> _Required work_
Copy word for word, please, the lines of the entries below running from the one containing "((#|OmegaTT F M" to the one containing "in relative position", both ends included.

(Collected data entries)

=====

(* Let $M\in\mathbb{N}^{k\times l}$ have row sums $\alpha$ and column sums $\beta$, and let $(T,T')$ be semistandard tableaux of the same shape with contents $\alpha,\beta$. Suppose there is a rational function $f\in\mathbb{Q}(x)$ such that $p_M(T,T')=f(q)$ whenever $1/q$ is a prime power (with $\Bbbk=\mathbb{F}_{1/q}$). Then $f\in\mathbb{Q}[x]$.
   Context: Over $\Bbbk=\mathbb{F}_{1/q}$: $\mathrm{Fl}_\alpha$ is the set of chains $0=F_0\subseteq\cdots\subseteq F_k=\Bbbk^n$ with $\dim F_i=\alpha_1+\cdots+\alpha_i$; $(F,F')\in\mathrm{Fl}_\alpha\times\mathrm{Fl}_\beta$ has relative position $M$ if $\dim(F_i\cap F'_j)=\sum_{i'\le i,j'\le j}M_{i',j'}$; $N$ strictly compatible with $F$ means $N(F_i)\subseteq F_{i-1}$, and then $\mathrm{JF}(N;F)$ is the semistandard tableau whose entries $\le i$ form the shape $\mathrm{JF}(N|_{F_i})$, where $\mathrm{JF}(N)$ is the partition with $\lambda_1+\cdots+\lambda_i=\dim\ker N^i$. $\Omega_M$ is the set of triples $(F,F',N)$ with $F\in\mathrm{Fl}_\alpha$, $F'\in\mathrm{Fl}_\beta$ of relative position $M$ and $N$ strictly compatible with both; $\Omega_M^{T,T'}$ the subset with $\mathrm{JF}(N;F)=T$, $\mathrm{JF}(N;F')=T'$; $p_M(T,T')=|\Omega_M^{T,T'}|/|\Omega_M|$. *)

From HB Require Import structures.
From mathcomp Require Import all_boot all_order all_algebra all_field.
From mathcomp Require Import boolp.
Set Implicit Arguments. Unset Strict Implicit. Unset Printing Implicit Defensive.
Import GRing.Theory.

(* A tableau is the list of its rows (row 0 = top row); entries are 1..k. *)
Definition tableau := seq (seq nat).

Definition trow (T : tableau) (r : nat) : seq nat := nth [::] T r.

Definition semistandard (k : nat) (T : tableau) : Prop :=
  [/\ (forall r, r < size T -> 0 < size (trow T r)),
      (forall r, size (trow T r.+1) <= size (trow T r)),
      (forall x, x \in flatten T -> (0 < x) && (x <= k)),
      (forall r, sorted leq (trow T r)) &
      (forall r c, c < size (trow T r.+1) ->
                   nth 0 (trow T r) c < nth 0 (trow T r.+1) c)].

Definition tshape (T : tableau) : seq nat := map size T.

(* content a : 'I_k -> nat  (a i = number of entries equal to i+1) *)
Definition has_content (k : nat) (T : tableau) (a : 'I_k -> nat) : Prop :=
  forall i : 'I_k, count_mem i.+1 (flatten T) = a i.

Definition rowcnt (T : tableau) (i r : nat) : nat :=
  count (fun x => x <= i) (trow T r).

Section LinAlg.
Variables (F : finFieldType) (n : nat).
Local Open Scope nat_scope.

(* subspaces of F^n (row vectors) are represented canonically by square
   matrices A with <<A>> = A; a flag of type a is a function on 0..k *)
Definition is_flag (k : nat) (a : 'I_k -> nat) (Fl : {ffun 'I_k.+1 -> 'M[F]_n})
  : bool :=
  [forall i : 'I_k.+1, (<<Fl i>>%MS == Fl i)
       && (\rank (Fl i) == \sum_(j < k | j < i) a j)]
  && [forall i : 'I_k, (Fl (widen_ord (leqnSn k) i) <= Fl (lift ord0 i))%MS].

Definition relpos (k l : nat) (M : 'M[nat]_(k, l))
  (Fl : {ffun 'I_k.+1 -> 'M[F]_n}) (Fl' : {ffun 'I_l.+1 -> 'M[F]_n}) : bool :=
  [forall i : 'I_k.+1, forall j : 'I_l.+1,
     \rank (Fl i :&: Fl' j)%MS
       == \sum_(i' < k | i' < i) \sum_(j' < l | j' < j) M i' j'].

(* N strictly compatible with the flag: N(F_i) subset F_{i-1};
   N acts on row vectors by v |-> v *m N *)
Definition strict_compat (k : nat) (Fl : {ffun 'I_k.+1 -> 'M[F]_n})
  (N : 'M[F]_n) : bool :=
  [forall i : 'I_k, ((Fl (lift ord0 i) *m N)%R <= Fl (widen_ord (leqnSn k) i))%MS].

(* dim ker (N|_V)^j = dim (V cap ker N^j) *)
Definition kerdim (N V : 'M[F]_n) (j : nat) : nat :=
  \rank (V :&: kermx (N ^+ j)%R)%MS.

(* JF(N|_V) as a partition: lambda_1 + ... + lambda_j = dim ker (N|_V)^j,
   i.e. lambda_{r+1} = kerdim (r+1) - kerdim r *)
Definition jfpart (N V : 'M[F]_n) (r : nat) : nat :=
  kerdim N V r.+1 - kerdim N V r.

(* JF(N;Fl) = T : for each i, the entries <= i of T form the shape JF(N|_{F_i}) *)
Definition JF_eq (k : nat) (N : 'M[F]_n) (Fl : {ffun 'I_k.+1 -> 'M[F]_n})
  (T : tableau) : Prop :=
  forall (i : 'I_k.+1) (r : nat), rowcnt T i r = jfpart N (Fl i) r.

End LinAlg.

Definition triple (F : finFieldType) (n k l : nat) :=
  ({ffun 'I_k.+1 -> 'M[F]_n} * {ffun 'I_l.+1 -> 'M[F]_n} * 'M[F]_n)%type.

Definition Omega (F : finFieldType) (k l : nat) (M : 'M[nat]_(k, l))
  (a : 'I_k -> nat) (b : 'I_l -> nat) : {set triple F (\sum_(i < k) a i)%N k l} :=
  [set x | [&& is_flag a x.1.1, is_flag b x.1.2, relpos M x.1.1 x.1.2,
              strict_compat x.1.1 x.2 & strict_compat x.1.2 x.2]].

Definition OmegaTT (F : finFieldType) (k l : nat) (M : 'M[nat]_(k, l))
  (a : 'I_k -> nat) (b : 'I_l -> nat) (T T' : tableau) :
  {set triple F (\sum_(i < k) a i)%N k l} :=
  [set x in Omega F M a b | `[< JF_eq x.2 x.1.1 T /\ JF_eq x.2 x.1.2 T' >] ].

Definition pM (F : finFieldType) (k l : nat) (M : 'M[nat]_(k, l))
  (a : 'I_k -> nat) (b : 'I_l -> nat) (T T' : tableau) : rat :=
  ((#|OmegaTT F M a b T T'|)%:R / (#|Omega F M a b|)%:R)%R.

(* Over a field with Q elements, GL_n acts transitively on the pairs of flags
   in relative position M: a basis adapted to the cells F_{i+1} ∩ F'_{j+1}
   modulo smaller intersections moves one pair onto any other.  Conjugating by
   such a g carries the nilpotents strictly compatible with one pair, and their
   Jordan types, to those of the other, so p_M(T,T') = |W|/|V| for the fibres
   W ⊆ V over a single flag pair.  As V is an additive subgroup of n×n
   matrices, Q^(n²)·p_M(T,T') is an integer in [0, Q^(n²)].  Hence, writing
   f = P/R, the rational function y^(n²)·f(1/y) is integral at infinitely many
   integers y (the primes), so it is a polynomial A of degree at most n², and
   f(x) = x^(n²)·A(1/x) is a polynomial. *)

From HB Require Import structures.
From mathcomp Require Import all_boot all_order all_algebra all_field.
From mathcomp Require Import all_fingroup boolp polyrcf ring zify.
Set Implicit Arguments.
Unset Strict Implicit.
Unset Printing Implicit Defensive.

Import Order.TTheory GRing.Theory Num.Theory.
Local Open Scope ring_scope.

Section Flags.
Variables (F : fieldType) (n m : nat).
Implicit Types Fl : {ffun 'I_m.+1 -> 'M[F]_n}.

Definition nested Fl :=
  forall i : 'I_m, (Fl (widen_ord (leqnSn m) i) <= Fl (lift ord0 i))%MS.

Definition flagn Fl (i : nat) : 'M[F]_n := Fl (inord (minn i m)).

Lemma flagn_ord Fl (i : 'I_m.+1) : flagn Fl i = Fl i.
Proof. by rewrite /flagn (minn_idPl _) ?inord_val // -ltnS. Qed.

Lemma flagn_stable Fl i : (m <= i)%N -> flagn Fl i.+1 = flagn Fl i.
Proof. by move=> le_mi; rewrite /flagn !(minn_idPr _) // ltnW. Qed.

=====

> _Exercise result_
  ((#|OmegaTT F M a b T T'|)%:R / (#|Omega F M a b|)%:R)%R.

(* Over a field with Q elements, GL_n acts transitively on the pairs of flags
   in relative position M: a basis adapted to the cells F_{i+1} ∩ F'_{j+1}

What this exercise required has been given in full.